Task directions
For the entries that follow, restate word for word the line containing "(2k+1) theta - theta = 2k theta. *)", the line containing "Lemma sumN_eqb n", and every line that lies between them.

Given records
┌──

Lemma pattern_arc_map u d : d \in path_labelings p -> pattern_of e (arc_map u d) = p.
Proof.
rewrite inE => /andP[/injectiveP d_inj /forallP d_path].
apply/ffunP => -[x y]; rewrite !ffunE /= succ_adj_iter ?(leq_trans (ltn_ord _) leIk) //.
rewrite [RHS]surjective_pairing (injective_patternP _ p_inj) -(eqP (forallP (d_path x) y)).
congr (_, _); apply/eqP/eqP => [/iter_order_inj eq_d | -> //].
by apply/d_inj/val_inj/eq_d; apply: lt_order.
Qed.

Lemma path_labeling_onto d (t : 'I_#|I|) : d \in path_labelings p -> exists x, d x = t.
Proof.
rewrite inE => /andP[/injectiveP d_inj _].
have /codomP[x ->] := inj_card_onto d_inj (eq_leq (card_ord _)) t.
by exists x.
Qed.

Lemma arc_map_inj : {in setX setT (path_labelings p) &,
  injective (fun ud => arc_map ud.1 ud.2)}.
Proof.
move=> [u d] [u' d'] /setXP[_ dP] /setXP[_ dP'] /ffunP /= eq_enc.
have eq_iter x : iter (d x) sg u = iter (d' x) sg u' by have := eq_enc x; rewrite !ffunE.
have [x0 dx0] := path_labeling_onto (Ordinal I_gt0) dP.
have eq_u : u = u'.
  have u_arc : u = iter (d' x0) sg u' by rewrite -eq_iter dx0.
  case Ed: (nat_of_ord (d' x0)) u_arc => [|s] u_arc; first exact: u_arc.
  have lt_s : s < #|I| by have := ltn_ord (d' x0); rewrite Ed => /ltnW.
  have [x1 dx1] := path_labeling_onto (Ordinal lt_s) dP'.
  have : iter (d x1).+1 sg u = iter 0 sg u by rewrite iterS eq_iter dx1 -iterS -u_arc.
  have lt_d1 : (d x1).+1 < order sg u.
    by apply: leq_ltn_trans (order_gt u); apply: leq_trans (ltn_ord _) leIk.
  by move/(iter_order_inj lt_d1 (order_gt0 _ _)).
rewrite -eq_u in eq_iter *; congr (_, _); apply/ffunP => x.
by apply/val_inj/(iter_order_inj (lt_order _ _) (lt_order _ _))/eq_iter.
Qed.

Section Image.
Variable f : {ffun I -> T}.
Hypothesis pf : pattern_of e f = p.

Let f_inj : injective f.
Proof.
move=> x y /eqP; have := congr1 (fun q : pattern I => (q (x, y)).1) pf.
by rewrite ffunE /= (injective_patternP _ p_inj) => -> /eqP.
Qed.
(* In the setting described in the context, the probability $\Pr(y)=|\phi_k(y)|^2$ of observing $y\in\{0,1,\dots,N-1\}$ after the Amplified-QFT is given exactly by: (A) if $y=0$: $\Pr(y)=\cos^2(2k\theta)$; (B) if $Py\equiv 0 \pmod N$ and $y\neq 0$: $\Pr(y)=\tan^2\theta\,\sin^2(2k\theta)$; (C) if $Py\not\equiv 0\pmod N$ and $MPy\not\equiv 0 \pmod N$: $\Pr(y)=\dfrac{1}{M^2}\tan^2\theta\,\sin^2(2k\theta)\,\dfrac{\sin^2(\pi MPy/N)}{\sin^2(\pi Py/N)}$; (D) if $Py\not\equiv 0\pmod N$ and $MPy\equiv 0\pmod N$: $\Pr(y)=0$.
   Context: Setting: $N\ge 2$ is an integer, $\mathcal L=\{0,1,\dots,N-1\}$, and $s\ge 0$, $P\ge 1$, $M\ge 1$ are integers with $M<N$ and $s+(M-1)P\le N-1$; $A=\{s+rP: r=0,1,\dots,M-1\}\subset\mathcal L$ (so $|A|=M$). Let $\omega=e^{-2\pi i/N}$. Let $\theta\in(0,\pi/2)$ be defined by $\sin\theta=\sqrt{M/N}$ (so $\cos\theta=\sqrt{1-M/N}$), and $k=\lfloor \pi/(4\theta)\rfloor$. Put $a_k=\frac{1}{\sqrt M}\sin((2k+1)\theta)$, $b_k=\frac{1}{\sqrt{N-M}}\cos((2k+1)\theta)$, and let $\psi_k\in\mathbb C^N$ be the state with $\psi_k(z)=a_k$ for $z\in A$ and $\psi_k(z)=b_k$ for $z\notin A$ (this is the state produced by $k$ Grover iterations for the marked set $A$). The quantum Fourier transform is applied: $\phi_k(y)=\frac{1}{\sqrt N}\sum_{z=0}^{N-1}\psi_k(z)\omega^{zy}$, and $\Pr(y)=|\phi_k(y)|^2$. *)

From Stdlib Require Import Reals Lra Lia ZArith Arith List.
Open Scope R_scope.

Definition inA (s P M z : nat) : bool :=
  existsb (fun r => Nat.eqb z (s + r * P)) (seq 0 M).

Definition kGrover (theta : R) : nat := Z.to_nat (Int_part (PI / (4 * theta))).

Definition a_k (M : nat) (theta : R) (k : nat) : R :=
  / sqrt (INR M) * sin ((2 * INR k + 1) * theta).
Definition b_k (N M : nat) (theta : R) (k : nat) : R :=
  / sqrt (INR N - INR M) * cos ((2 * INR k + 1) * theta).

Definition psi (N s P M : nat) (theta : R) (k z : nat) : R :=
  if inA s P M z then a_k M theta k else b_k N M theta k.

(* omega^(z y) = exp(-2 pi i z y / N) = cos(-2 pi z y/N) + i sin(-2 pi z y/N) *)
Definition om_re (N z y : nat) : R := cos (- 2 * PI * INR (z * y) / INR N).
Definition om_im (N z y : nat) : R := sin (- 2 * PI * INR (z * y) / INR N).

Definition sumN (N : nat) (f : nat -> R) : R :=
  fold_right Rplus 0 (map f (seq 0 N)).

Definition phi_re (N s P M : nat) (theta : R) (k y : nat) : R :=
  / sqrt (INR N) * sumN N (fun z => psi N s P M theta k z * om_re N z y).
Definition phi_im (N s P M : nat) (theta : R) (k y : nat) : R :=
  / sqrt (INR N) * sumN N (fun z => psi N s P M theta k z * om_im N z y).

Definition Prob (N s P M : nat) (theta : R) (k y : nat) : R :=
  (phi_re N s P M theta k y) ^ 2 + (phi_im N s P M theta k y) ^ 2.

From Stdlib Require Import Reals Lra Lia ZArith Arith List.
Open Scope R_scope.

(* The Grover state takes only two values, [a_k] on A and [b_k] off A, so its
   Fourier coefficient at y is [b_k] times the full character sum plus
   [a_k - b_k] times the character sum over the arithmetic progression A.
   For y <> 0 the full sum vanishes, and the sum over A is a geometric sum of
   ratio exp(-2 pi i P y / N), of squared modulus M^2 when P y = 0 mod N and
   sin^2(pi M P y / N) / sin^2(pi P y / N) otherwise.  What remains is
   trigonometry of the Grover angle: sin theta sqrt N = sqrt M and
   cos theta sqrt N = sqrt (N - M) turn the amplitudes into functions of
   (2k+1) theta - theta = 2k theta. *)

Lemma sumN_S n f : sumN (S n) f = sumN n f + f n.
Proof.
  unfold sumN. rewrite seq_S, map_app, fold_right_app. simpl.
  induction (seq 0 n) as [|a l IH]; simpl; [ring | rewrite IH; ring].
Qed.

Lemma sumN_ext n f g : (forall i, (i < n)%nat -> f i = g i) -> sumN n f = sumN n g.
Proof. induction n; intros H; [reflexivity|]. rewrite !sumN_S, IHn, H; auto. Qed.

Lemma sumN_add n f g : sumN n (fun i => f i + g i) = sumN n f + sumN n g.
Proof. induction n; [unfold sumN; simpl; ring|]. rewrite !sumN_S, IHn; ring. Qed.

Lemma sumN_scal n c f : sumN n (fun i => c * f i) = c * sumN n f.
Proof. induction n; [unfold sumN; simpl; ring|]. rewrite !sumN_S, IHn; ring. Qed.

Lemma sumN_const n c : sumN n (fun _ => c) = INR n * c.
Proof. induction n; [unfold sumN; simpl; ring|]. rewrite !sumN_S, IHn, S_INR; ring. Qed.

Lemma sumN_eqb n c h :
  sumN n (fun z => if Nat.eqb z c then h z else 0) = if Nat.ltb c n then h c else 0.
Proof.
  induction n; [reflexivity|]. rewrite sumN_S, IHn.
  destruct (Nat.eqb n c) eqn:E1, (Nat.ltb c n) eqn:E2, (Nat.ltb c (S n)) eqn:E3;
    rewrite ?Nat.eqb_eq, ?Nat.eqb_neq, ?Nat.ltb_lt, ?Nat.ltb_ge in *; subst; try lia; ring.
Qed.

Lemma inA_S s P M z : inA s P (S M) z = (inA s P M z || Nat.eqb z (s + M * P))%bool.
Proof. unfold inA. rewrite seq_S, existsb_app. simpl. now rewrite Bool.orb_false_r. Qed.

Lemma inA_last s P M : (1 <= P)%nat -> inA s P M (s + M * P) = false.
Proof.
  intros HP. apply Bool.not_true_iff_false. intros H.
  apply existsb_exists in H as [r [Hr E]]. apply in_seq in Hr. apply Nat.eqb_eq in E. nia.
Qed.

Lemma sumN_inA N s P M h :
  (1 <= P)%nat -> (forall r, (r < M)%nat -> (s + r * P < N)%nat) ->
  sumN N (fun z => if inA s P M z then h z else 0) = sumN M (fun r => h (s + r * P)%nat).
Proof.
  intros HP. induction M as [|M IH]; intros HB.
  - rewrite (sumN_ext N _ (fun _ => 0)) by reflexivity. rewrite sumN_const, Rmult_0_r. reflexivity.
  - assert (Hlast : Nat.ltb (s + M * P) N = true) by (apply Nat.ltb_lt, HB; lia).
    rewrite sumN_S, <- IH by (intros; apply HB; lia).
    replace (h (s + M * P)%nat) with (sumN N (fun z => if Nat.eqb z (s + M * P) then h z else 0))
      by (now rewrite sumN_eqb, Hlast).
    rewrite <- sumN_add.
    apply sumN_ext. intros z _. rewrite inA_S.
    destruct (Nat.eqb z (s + M * P)) eqn:E.
    + apply Nat.eqb_eq in E. subst. rewrite inA_last by assumption. simpl. ring.
    + rewrite Bool.orb_false_r. ring.
Qed.

Definition expsum_re (n : nat) (x c : R) : R := sumN n (fun j => cos (INR j * x + c)).
Definition expsum_im (n : nat) (x c : R) : R := sumN n (fun j => sin (INR j * x + c)).
Definition expsum_norm2 (n : nat) (x c : R) : R := expsum_re n x c ^ 2 + expsum_im n x c ^ 2.

Lemma expsum_re_telescope n x c :
  2 * sin (x / 2) * expsum_re n x c = sin ((INR n - / 2) * x + c) - sin (c - x / 2).
Proof.
  unfold expsum_re. induction n.
  - unfold sumN; simpl. replace ((0 - / 2) * x + c) with (c - x / 2) by field. ring.
  - rewrite sumN_S, Rmult_plus_distr_l, IHn, S_INR.
    set (u := INR n * x + c).
    replace ((INR n + 1 - / 2) * x + c) with (u + x / 2) by (unfold u; field).
    replace ((INR n - / 2) * x + c) with (u - x / 2) by (unfold u; field).
    rewrite sin_plus, sin_minus. ring.
Qed.

Lemma expsum_im_telescope n x c :
  2 * sin (x / 2) * expsum_im n x c = cos (c - x / 2) - cos ((INR n - / 2) * x + c).
Proof.
  unfold expsum_im. induction n.
  - unfold sumN; simpl. replace ((0 - / 2) * x + c) with (c - x / 2) by field. ring.
  - rewrite sumN_S, Rmult_plus_distr_l, IHn, S_INR.
    set (u := INR n * x + c).
    replace ((INR n + 1 - / 2) * x + c) with (u + x / 2) by (unfold u; field).
    replace ((INR n - / 2) * x + c) with (u - x / 2) by (unfold u; field).
    rewrite (cos_plus u), (cos_minus u). ring.
Qed.

Lemma expsum_norm2_dirichlet n x c :
  sin (x / 2) <> 0 -> expsum_norm2 n x c = sin (INR n * x / 2) ^ 2 / sin (x / 2) ^ 2.
Proof.
  intros Hs. unfold expsum_norm2.
  pose proof (expsum_re_telescope n x c) as Ere. pose proof (expsum_im_telescope n x c) as Eim.
  set (al := (INR n - / 2) * x + c) in *. set (be := c - x / 2) in *.
  (* [2 sin (x/2)] times the sum is [i (e^(i be) - e^(i al))], of squared modulus [2 - 2 cos (al - be)]. *)
  assert (Hd : (2 * sin (x / 2)) ^ 2 * (expsum_re n x c ^ 2 + expsum_im n x c ^ 2)
               = 2 - 2 * cos (al - be)).
  { rewrite cos_minus.
    replace ((2 * sin (x / 2)) ^ 2 * (expsum_re n x c ^ 2 + expsum_im n x c ^ 2))
      with ((2 * sin (x / 2) * expsum_re n x c) ^ 2 + (2 * sin (x / 2) * expsum_im n x c) ^ 2)
      by ring.
    rewrite Ere, Eim. pose proof (sin2_cos2 al). pose proof (sin2_cos2 be). unfold Rsqr in *. nra. }
  replace (al - be) with (2 * (INR n * x / 2)) in Hd by (unfold al, be; field).
  rewrite cos_2a_sin in Hd.
  apply (Rmult_eq_reg_l ((2 * sin (x / 2)) ^ 2)).
  - rewrite Hd. field. exact Hs.
  - apply pow_nonzero. lra.
Qed.

Lemma sin_PI_mul_div_eq_0 m N :
  (0 < N)%nat -> sin (PI * INR m / INR N) = 0 <-> (m mod N = 0)%nat.
Proof.
  intros HN. assert (HNr : INR N <> 0) by (apply not_0_INR; lia).
  pose proof PI_RGT_0 as HPI. split.
  - intros H. apply sin_eq_0_0 in H as [q Hq].
    assert (Em : INR m = IZR q * INR N).
    { replace (INR m) with (PI * INR m / INR N * INR N / PI) by (field; lra).
      rewrite Hq. field. lra. }
    rewrite !INR_IZR_INZ, <- mult_IZR in Em. apply eq_IZR in Em.
    apply Nat2Z.inj. rewrite Nat2Z.inj_mod, Em. apply Z_mod_mult.
  - intros Hm. apply sin_eq_0_1. exists (Z.of_nat (m / N)).
    rewrite <- INR_IZR_INZ, (Nat.div_mod m N) at 1 by lia.
    rewrite Hm, Nat.add_0_r, mult_INR. field. exact HNr.
Qed.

└──

Completed task
   (2k+1) theta - theta = 2k theta. *)

Lemma sumN_S n f : sumN (S n) f = sumN n f + f n.
Proof.
  unfold sumN. rewrite seq_S, map_app, fold_right_app. simpl.
  induction (seq 0 n) as [|a l IH]; simpl; [ring | rewrite IH; ring].
Qed.

Lemma sumN_ext n f g : (forall i, (i < n)%nat -> f i = g i) -> sumN n f = sumN n g.
Proof. induction n; intros H; [reflexivity|]. rewrite !sumN_S, IHn, H; auto. Qed.

Lemma sumN_add n f g : sumN n (fun i => f i + g i) = sumN n f + sumN n g.
Proof. induction n; [unfold sumN; simpl; ring|]. rewrite !sumN_S, IHn; ring. Qed.

Lemma sumN_scal n c f : sumN n (fun i => c * f i) = c * sumN n f.
Proof. induction n; [unfold sumN; simpl; ring|]. rewrite !sumN_S, IHn; ring. Qed.

Lemma sumN_const n c : sumN n (fun _ => c) = INR n * c.
Proof. induction n; [unfold sumN; simpl; ring|]. rewrite !sumN_S, IHn, S_INR; ring. Qed.

Lemma sumN_eqb n c h :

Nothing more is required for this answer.